* [Aim of the exercise]: Among the records that follow, set down only the lines from the one containing "x)) in Hconv" to the one containing "(M : nat) (f", both included, exactly.

═════ Data shown

Lemma consumer_optimal (U u : R -> R) d0 mu d :
  (forall x, d0 <= x -> U x - U d <= u d * (x - d)) -> u d <= mu -> (d = d0 \/ mu <= u d) ->
  forall x, d0 <= x -> U x - mu * x <= U d - mu * d.
Proof.
  intros Hgrad Hle Hd x Hx.
  enough (mu * - x - - U (- - x) <= mu * - d - - U (- - d))
    by (rewrite !Ropp_involutive in *; lra).
  apply (price_taker_optimal (fun q => - U (- q)) (fun q => u (- q)) (- d0));
    rewrite ?Ropp_involutive.
  - intros y Hy; specialize (Hgrad (- y) ltac:(lra)); nra.
  - exact Hle.
  - destruct Hd; [left|right]; lra.
  - lra.
Qed.

Lemma welfare_le_of_price_taking M N d0 k0 mu (U C : nat -> R -> R) (d s : nat -> R) :
  (forall i, (i < M)%nat -> forall x, d0 <= x -> U i x - mu * x <= U i (d i) - mu * d i) ->
  (forall j, (j < N)%nat -> forall x, x <= k0 -> mu * x - C j x <= mu * s j - C j (s j)) ->
  rsum M d = rsum N s ->
  forall d' s', feasible M N d0 k0 d' s' -> welfare M N U C d' s' <= welfare M N U C d s.
Proof.
  intros HU HC Hds d' s' [Hbal [Hs' Hd']]. unfold welfare.
  assert (HUsum : rsum M (fun i => U i (d' i) - mu * d' i)
                  <= rsum M (fun i => U i (d i) - mu * d i))
    by (apply rsum_le; intros i Hi; apply HU; [exact Hi|apply Hd', Hi]).
  assert (HCsum : rsum N (fun j => mu * s' j - C j (s' j))
                  <= rsum N (fun j => mu * s j - C j (s j)))
    by (apply rsum_le; intros j Hj; apply HC; [exact Hj|apply Hs', Hj]).
  rewrite !rsum_minus, !rsum_scal, Hbal, Hds in HUsum.
  rewrite !rsum_minus, !rsum_scal in HCsum. lra.
Qed.

Lemma segment_ne_start x y t : x <> y -> 0 < t -> x + t * (y - x) <> x.
Proof.
  intros Hxy Ht E.
  apply (Rmult_integral_contrapositive_currified t (y - x)); lra.
Qed.

Definition supergradient_on (d0 : R) (U u : R -> R) : Prop :=
  forall x y, d0 <= x -> d0 <= y -> U y - U x <= u x * (y - x).

Definition subgradient (C c : R -> R) : Prop :=
  forall x y, c x * (y - x) <= C y - C x.

Lemma utility_marginal (U : R -> R) d0 :
  concave_on_Ici U d0 -> strict_incr_Ici U d0 -> C1_on_Ici U d0 ->
  exists u, continuous_on (fun x => d0 <= x) u /\ supergradient_on d0 U u /\
    (forall x, d0 <= x -> 0 < u x).
Proof.
  intros Hconc Hincr [u [Hslope Hcont]].
  assert (Hgrad : supergradient_on d0 U u).
  { intros x y Hx Hy. destruct (Req_dec x y) as [<-|Hxy]; [lra|].
    enough (- u x * (y - x) <= - U y - - U x) by lra.
    apply (convex_slope_le (fun z => - U z) (fun z => d0 <= z /\ z <> x)); [exact Hxy| | |].
    - intros t Ht; split; [nra|apply segment_ne_start; lra].
    - intros t Ht. specialize (Hconc y x t Hy Hx ltac:(lra)).
      replace (t * y + (1 - t) * x) with (x + t * (y - x)) in Hconc by ring; lra.
    - eapply filterlim_ext;
        [|exact (filterlim_comp _ _ _ _ _ _ _ _ (Hslope x Hx) (filterlim_opp (u x)))].
      intros z; unfold opp; simpl; unfold Rdiv; ring. }
  exists u; split; [exact Hcont|split; [exact Hgrad|]].
  intros x Hx. pose proof (Hincr x (x + 1) Hx ltac:(lra)).
  pose proof (Hgrad x (x + 1) Hx ltac:(lra)); lra.
Qed.

Lemma cost_marginal (C : R -> R) :
  convex_R C -> C1_R C -> (forall s, s <= 0 -> C s = 0) ->
  exists c, (forall x, continuous c x) /\ subgradient C c /\ c 0 = 0.
Proof.
  intros Hconv [c [Hder Hcont]] Hflat.
  assert (Hgrad : subgradient C c).
  { intros x y. destruct (Req_dec x y) as [<-|Hxy]; [lra|].
    apply (convex_slope_le C (fun z => z <> x));
      [exact Hxy| | |exact (is_derive_slope C x (c x) (Hder x))].
    - intros t Ht; apply segment_ne_start; lra.
    - intros t Ht. specialize (Hconv y x t ltac:(lra)).
      replace (t * y + (1 - t) * x) with (x + t * (y - x)) in Hconv by ring; lra. }
  exists c; split; [exact Hcont|split; [exact Hgrad|]].
  apply Rle_antisym.
  - apply (closed_filterlim_loc (F := at_left 0) c (fun w => w <= 0));
      [exact (filterlim_filter_le_1 _ (filter_le_within _) (Hcont 0))| |apply closed_le].
    unfold at_left, within; apply filter_forall; intros y Hy.
    specialize (Hgrad y 0); rewrite !Hflat in Hgrad by lra; nra.
  - specialize (Hgrad 0 (-1)); rewrite !Hflat in Hgrad by lra; lra.
Qed.

Definition glue {A : Type} (M : nat) (f h : nat -> A) (k : nat) : A :=
  if (k <? M)%nat then f k else h (k - M)%nat.

Lemma glue_l {A : Type} M (f h : nat -> A) i : (i < M)%nat -> glue M f h i = f i.
Proof. intros Hi; unfold glue; rewrite (proj2 (Nat.ltb_lt i M) Hi); reflexivity. Qed.

Lemma glue_r {A : Type} M (f h : nat -> A) j : glue M f h (M + j) = h j.
Proof.
  unfold glue; rewrite (proj2 (Nat.ltb_ge (M + j) M)) by lia.
  f_equal; lia.
Qed.

Lemma forall_lt_add M N (P : nat -> Prop) :
  (forall i, (i < M)%nat -> P i) -> (forall j, (j < N)%nat -> P (M + j)%nat) ->
  forall k, (k < M + N)%nat -> P k.
Proof.
  intros HM HN k Hk. destruct (Nat.lt_ge_cases k M) as [|Hk']; [auto|].
  replace k with (M + (k - M))%nat by lia; apply HN; lia.
Qed.

Section Economy.

Variables (M N : nat) (d0 k0 : R) (U C u c : nat -> R -> R).
Hypothesis M_pos : (0 < M)%nat.
Hypothesis d0_pos : 0 < d0.
Hypothesis k0_pos : 0 < k0.
Hypothesis enough_capacity : INR M * d0 < INR N * k0.
Hypothesis consumers : forall i, (i < M)%nat ->
  continuous_on (fun x => d0 <= x) (u i) /\ supergradient_on d0 (U i) (u i) /\
  (forall x, d0 <= x -> 0 < u i x).
Hypothesis suppliers : forall j, (j < N)%nat ->
  (forall x, continuous (c j) x) /\ subgradient (C j) (c j) /\ c j 0 = 0.

(* Consumer [i] is the agent supplying [-d] at marginal cost [u i d].  Capping
   its demand at [X], which exceeds the total capacity, is harmless at prices
   above every [u i X]. *)
Let X := d0 + INR N * k0.
Let a := glue M (fun _ => - X) (fun _ => 0).
Let b := glue M (fun _ => - d0) (fun _ => k0).
Let g := glue M (fun i q => u i (- q)) c.

Lemma agents_regular k : (k < M + N)%nat -> nondecreasing_continuous_on (a k) (b k) (g k).
Proof.
  revert k; apply forall_lt_add; intros i Hi; unfold a, b, g;
    [rewrite !glue_l by exact Hi|rewrite !glue_r].
  - destruct (consumers i Hi) as (Hcont & Hgrad & _).
    assert (0 <= INR N * k0) by (apply Rmult_le_pos; [apply pos_INR|lra]).
    split; [unfold X; lra|split].
    + intros x y Hx Hxy Hy. enough (- u i (- y) <= - u i (- x)) by lra.
      apply (subgradient_monotone (fun z => - U i z) (fun z => - u i z)); [lra| |];
        [specialize (Hgrad (- y) (- x))|specialize (Hgrad (- x) (- y))]; nra.
    + apply (continuous_on_subset (fun q => d0 <= - q)); [intros; lra|].
      exact (continuous_on_reflect _ _ Hcont).
  - destruct (suppliers i Hi) as (Hcont & Hgrad & _).
    split; [lra|split].
    + intros x y _ Hxy _. apply (subgradient_monotone (C i)); auto.
    + apply continuous_on_forall; intros; apply Hcont.
Qed.

Lemma rsum_capacity : rsum (M + N) b = INR N * k0 - INR M * d0.
Proof.
  rewrite rsum_split, (rsum_ext M _ (fun _ => - d0)), (rsum_ext N _ (fun _ => k0)).
  - rewrite !rsum_const; ring.
  - intros j _; apply glue_r.
  - intros i Hi; exact (glue_l M _ _ i Hi).
Qed.

(* At the largest of the prices [u i X], the consumer attaining it demands [X]. *)
Lemma shortage_at_low_price : exists mu1, 0 < mu1 /\
  (forall i, (i < M)%nat -> u i X <= mu1) /\
  rsum (M + N) (fun k => resp_lo (a k) (b k) (g k) mu1) <= 0.
Proof.
  destruct (exists_argmax M (fun i => u i X) M_pos) as [i0 [Hi0 Hmax]].
  assert (0 <= INR N * k0) by (apply Rmult_le_pos; [apply pos_INR|lra]).
  exists (u i0 X).
  split; [apply consumers; [exact Hi0|unfold X; lra]|split; [exact Hmax|]].
  rewrite rsum_split.
  assert (Hcons : rsum M (fun k => resp_lo (a k) (b k) (g k) (u i0 X)) <= - X).
  { apply Rle_trans with (resp_lo (a i0) (b i0) (g i0) (u i0 X)).
    - apply (rsum_le_term M (fun k => resp_lo (a k) (b k) (g k) (u i0 X)));
        [intros i Hi|exact Hi0].
      destruct (agents_regular i ltac:(lia)) as [Hab _].
      pose proof (resp_lo_range _ _ (g i) Hab (u i0 X)).
      unfold b in *; rewrite glue_l in * by exact Hi; lra.
    - destruct (agents_regular i0 ltac:(lia)) as (Hab & Hmono & _).
      apply resp_lo_le_best; [exact Hab|exact Hmono|].
      unfold a, b, g in *; rewrite !glue_l in * by exact Hi0.
      split; [lra|split; [now left|right; rewrite Ropp_involutive; lra]]. }
  assert (Hsupp : rsum N (fun j => resp_lo (a (M + j)%nat) (b (M + j)%nat)
                                    (g (M + j)%nat) (u i0 X)) <= INR N * k0).
  { rewrite <- rsum_const; apply rsum_le; intros j Hj.
    destruct (agents_regular (M + j)%nat ltac:(lia)) as [Hab _].
    pose proof (resp_lo_range _ _ (g (M + j)%nat) Hab (u i0 X)).
    unfold b in *; rewrite glue_r in *; lra. }
  assert (HX : X = d0 + INR N * k0) by reflexivity; lra.
Qed.

Lemma surplus_at_high_price mu1 : exists mu2, mu1 <= mu2 /\
  forall k, (k < M + N)%nat -> best_response (a k) (b k) (g k) mu2 (b k).
Proof.
  destruct (exists_argmax (M + N) (fun k => g k (b k))) as [k2 [_ Hk2]]; [lia|].
  exists (Rmax mu1 (g k2 (b k2))); split; [apply Rmax_l|].
  intros k Hk. destruct (agents_regular k Hk) as [Hab _].
  split; [lra|split; [right|now left]].
  apply Rle_trans with (g k2 (b k2)); [exact (Hk2 k Hk)|apply Rmax_r].
Qed.

Lemma competitive_equilibrium_exists : exists mu d s, 0 < mu /\ rsum M d = rsum N s /\
  (forall i, (i < M)%nat -> d0 <= d i /\
     forall x, d0 <= x -> U i x - mu * x <= U i (d i) - mu * d i) /\
  (forall j, (j < N)%nat -> 0 <= s j <= k0 /\
     forall x, x <= k0 -> mu * x - C j x <= mu * s j - C j (s j)).
Proof.
  destruct shortage_at_low_price as [mu1 [Hmu1 [HuX Hshort]]].
  destruct (surplus_at_high_price mu1) as [mu2 [H12 Hbest2]].
  destruct (market_clearing_price (M + N) a b g agents_regular mu1 mu2
              (fun k => resp_lo (a k) (b k) (g k) mu1) b H12)
    as [mu [x [Hmu [Hbest Hclear]]]];
    [|exact Hshort|exact Hbest2|rewrite rsum_capacity; lra|].
  { intros k Hk; destruct (agents_regular k Hk) as (? & ? & ?).
    apply resp_lo_best; auto. }
  exists mu, (fun i => - x i), (fun j => x (M + j)%nat).
  split; [lra|split; [|split]].
  - rewrite rsum_split in Hclear; rewrite rsum_opp; lra.
  - intros i Hi. destruct (consumers i Hi) as (_ & Hgrad & _).
    specialize (Hbest i ltac:(lia)); unfold a, b, g in Hbest.
    rewrite !glue_l in Hbest by exact Hi.
    destruct Hbest as [Hx [Hxa Hxb]].
    assert (Hle : u i (- x i) <= mu).
    { destruct Hxa as [->|]; [|assumption].
      rewrite Ropp_involutive; specialize (HuX i Hi); lra. }
    split; [lra|]. apply (consumer_optimal (U i) (u i)); [|exact Hle|].
    + intros y Hy; apply Hgrad; lra.
    + destruct Hxb; [left|right]; lra.
  - intros j Hj. destruct (suppliers j Hj) as (_ & Hgrad & Hc0).
    specialize (Hbest (M + j)%nat ltac:(lia)); unfold a, b, g in Hbest.
    rewrite !glue_r in Hbest.
    destruct Hbest as [Hx [Hxa Hxb]].
    split; [exact Hx|].
    apply (price_taker_optimal (C j) (c j)); [intros; apply Hgrad| |exact Hxb].
    destruct Hxa as [->|]; [rewrite Hc0; lra|assumption].
Qed.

══════════

* [Answer for this exercise]:
      replace (t * y + (1 - t) * x) with (x + t * (y - x)) in Hconv by ring; lra. }
  exists c; split; [exact Hcont|split; [exact Hgrad|]].
  apply Rle_antisym.
  - apply (closed_filterlim_loc (F := at_left 0) c (fun w => w <= 0));
      [exact (filterlim_filter_le_1 _ (filter_le_within _) (Hcont 0))| |apply closed_le].
    unfold at_left, within; apply filter_forall; intros y Hy.
    specialize (Hgrad y 0); rewrite !Hflat in Hgrad by lra; nra.
  - specialize (Hgrad 0 (-1)); rewrite !Hflat in Hgrad by lra; lra.
Qed.

Definition glue {A : Type} (M : nat) (f h : nat -> A) (k : nat) : A :=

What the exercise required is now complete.